(* ell^2(Z): sum over Z of u(n)^2 written as a series over nat pairing n, -n-1 *)
Definition sq_terms (u : Z -> R) (k : nat) : R :=
  (u (Z.of_nat k))² + (u (- Z.of_nat k - 1)%Z)².

Definition l2 (u : Z -> R) : Prop := ex_series (sq_terms u).

Definition l2norm (u : Z -> R) : R := sqrt (Series (sq_terms u)).

Definition in_resolvent (A : (Z -> R) -> (Z -> R)) (E : R) : Prop :=
  exists G : (Z -> R) -> (Z -> R),
    (forall u, l2 u -> l2 (G u)) /\
    (exists C : R, forall u, l2 u -> l2norm (G u) <= C * l2norm u) /\
    (forall u, l2 u -> G (fun n => A u n - E * u n) = u) /\
    (forall u, l2 u -> (fun n => A (G u) n - E * G u n) = u).

Definition in_spectrum (A : (Z -> R) -> (Z -> R)) (E : R) : Prop :=
  ~ in_resolvent A E.

From Stdlib Require Import Reals ZArith Lra Lia FunctionalExtensionality Classical.
From Coquelicot Require Import Coquelicot.
Open Scope R_scope.

(* A real [E] lies in the spectrum as soon as, for every [eta > 0], some finitely supported
   [u <> 0] has [|(H - E) u|^2 <= eta |u|^2]: a bounded inverse would force
   [|u| <= C |(H - E) u|].

   On vectors [(y 0, - y 0, y 1, - y 1, ...)] the cosine terms of [H] cancel and [H] acts as
   [l] times a shift, so the block [(-sigma)^m], [0 <= m < L], is an eigenvector for
   [sigma * l] up to two boundary defects: the ratio is [2 l^2 / L], hence [+-l] are in the
   spectrum.

   For the interior point let [nu] be the infimum of [|H u|^2 / |u|^2]. Since [H] is
   symmetric and bounded, near-minimisers [u] make [(H^2 - nu) u] small, and the
   factorisation [H^2 - nu = (H - sqrt nu) (H + sqrt nu)] makes [sqrt nu] or [- sqrt nu] an
   approximate eigenvalue at every tolerance, so one of them is in the spectrum. A test
   vector on four sites gives [nu < l^2]; it needs [cos 2pi(2 alpha + theta) <> 0], which
   [T0] provides. *)

Fixpoint zsum (f : Z -> R) (a : Z) (len : nat) : R :=
  match len with O => 0 | S l => f a + zsum f (a + 1)%Z l end.

Lemma zsum_S f a len : zsum f a (S len) = f a + zsum f (a + 1)%Z len.
Proof. reflexivity. Qed.

Lemma zsum_1 f a : zsum f a 1 = f a.
Proof. simpl; ring. Qed.

Lemma zsum_ext f g a len :
  (forall n, (a <= n < a + Z.of_nat len)%Z -> f n = g n) -> zsum f a len = zsum g a len.
Proof.
  revert a; induction len as [|len IH]; intros a H; simpl; [reflexivity|].
  rewrite (H a), (IH (a + 1)%Z); [reflexivity| |]; intros; try apply H; lia.
Qed.

Lemma zsum_add_len f a n m : zsum f a (n + m) = zsum f a n + zsum f (a + Z.of_nat n)%Z m.
Proof.
  revert a; induction n as [|n IH]; intros a; simpl.
  - rewrite Z.add_0_r; ring.
  - rewrite IH, Zpos_P_of_succ_nat, <- Z.add_1_l, Z.add_assoc; ring.
Qed.

Lemma zsum0 a len : zsum (fun _ => 0) a len = 0.
Proof. revert a; induction len as [|len IH]; intros; simpl; [|rewrite IH]; ring. Qed.

Lemma zsum_eq0 f a len :
  (forall n, (a <= n < a + Z.of_nat len)%Z -> f n = 0) -> zsum f a len = 0.
Proof. intros H. rewrite (zsum_ext f (fun _ => 0)) by exact H. apply zsum0. Qed.

Lemma zsumD f g a len : zsum (fun n => f n + g n) a len = zsum f a len + zsum g a len.
Proof. revert a; induction len as [|len IH]; intros; simpl; [|rewrite IH]; ring. Qed.

Lemma zsumZ c f a len : zsum (fun n => c * f n) a len = c * zsum f a len.
Proof. revert a; induction len as [|len IH]; intros; simpl; [|rewrite IH]; ring. Qed.

Lemma zsum_le f g a len : (forall n, f n <= g n) -> zsum f a len <= zsum g a len.
Proof.
  intros H; revert a; induction len as [|len IH]; intros a; simpl; [lra|].
  specialize (IH (a + 1)%Z); specialize (H a); lra.
Qed.

Lemma zsum_shift f c a len : zsum (fun n => f (n + c)%Z) a len = zsum f (a + c)%Z len.
Proof.
  revert a; induction len as [|len IH]; intros a; simpl; [reflexivity|].
  rewrite IH, <- Z.add_assoc, (Z.add_comm 1 c), Z.add_assoc; reflexivity.
Qed.

Lemma zsum_window f p k a len :
  (forall n, (n < p \/ p + Z.of_nat k <= n)%Z -> f n = 0) ->
  (a <= p)%Z -> (p + Z.of_nat k <= a + Z.of_nat len)%Z ->
  zsum f a len = zsum f p k.
Proof.
  intros Hf H1 H2.
  replace len with (Z.to_nat (p - a) + k + (len - Z.to_nat (p - a) - k))%nat by lia.
  rewrite !zsum_add_len, (zsum_eq0 f a) by (intros; apply Hf; lia).
  rewrite (zsum_eq0 f (a + Z.of_nat (Z.to_nat (p - a) + k))%Z) by (intros; apply Hf; lia).
  replace (a + Z.of_nat (Z.to_nat (p - a)))%Z with p by lia. ring.
Qed.

Lemma zsum_pairs f a k :
  zsum f (2 * a) (2 * k) = zsum (fun m => f (2 * m)%Z + f (2 * m + 1)%Z) a k.
Proof.
  revert a; induction k as [|k IH]; intros a; [reflexivity|].
  replace (2 * S k)%nat with (S (S (2 * k))) by lia.
  rewrite !zsum_S, <- IH. replace (2 * a + 1 + 1)%Z with (2 * (a + 1))%Z by lia. ring.
Qed.

Definition zindicator (p q n : Z) : R := if ((p <=? n)%Z && (n <? q)%Z)%bool then 1 else 0.

Lemma zsum_const c a len : zsum (fun _ => c) a len = INR len * c.
Proof. revert a; induction len as [|len IH]; intros; rewrite ?zsum_S, ?IH, ?S_INR; simpl; ring. Qed.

◆ WORK REQUIRED ◆
Your task is to transcribe, with no changes, only the lines of the listing above that lie between the line holding "rewrite (H a), (IH" and the line holding "Lemma zsumD f", inclusive.

◆ WRITTEN SOLUTION ◆
  rewrite (H a), (IH (a + 1)%Z); [reflexivity| |]; intros; try apply H; lia.
Qed.

Lemma zsum_add_len f a n m : zsum f a (n + m) = zsum f a n + zsum f (a + Z.of_nat n)%Z m.
Proof.
  revert a; induction n as [|n IH]; intros a; simpl.
  - rewrite Z.add_0_r; ring.
  - rewrite IH, Zpos_P_of_succ_nat, <- Z.add_1_l, Z.add_assoc; ring.
Qed.

Lemma zsum0 a len : zsum (fun _ => 0) a len = 0.
Proof. revert a; induction len as [|len IH]; intros; simpl; [|rewrite IH]; ring. Qed.

Lemma zsum_eq0 f a len :
  (forall n, (a <= n < a + Z.of_nat len)%Z -> f n = 0) -> zsum f a len = 0.
Proof. intros H. rewrite (zsum_ext f (fun _ => 0)) by exact H. apply zsum0. Qed.

Lemma zsumD f g a len : zsum (fun n => f n + g n) a len = zsum f a len + zsum g a len.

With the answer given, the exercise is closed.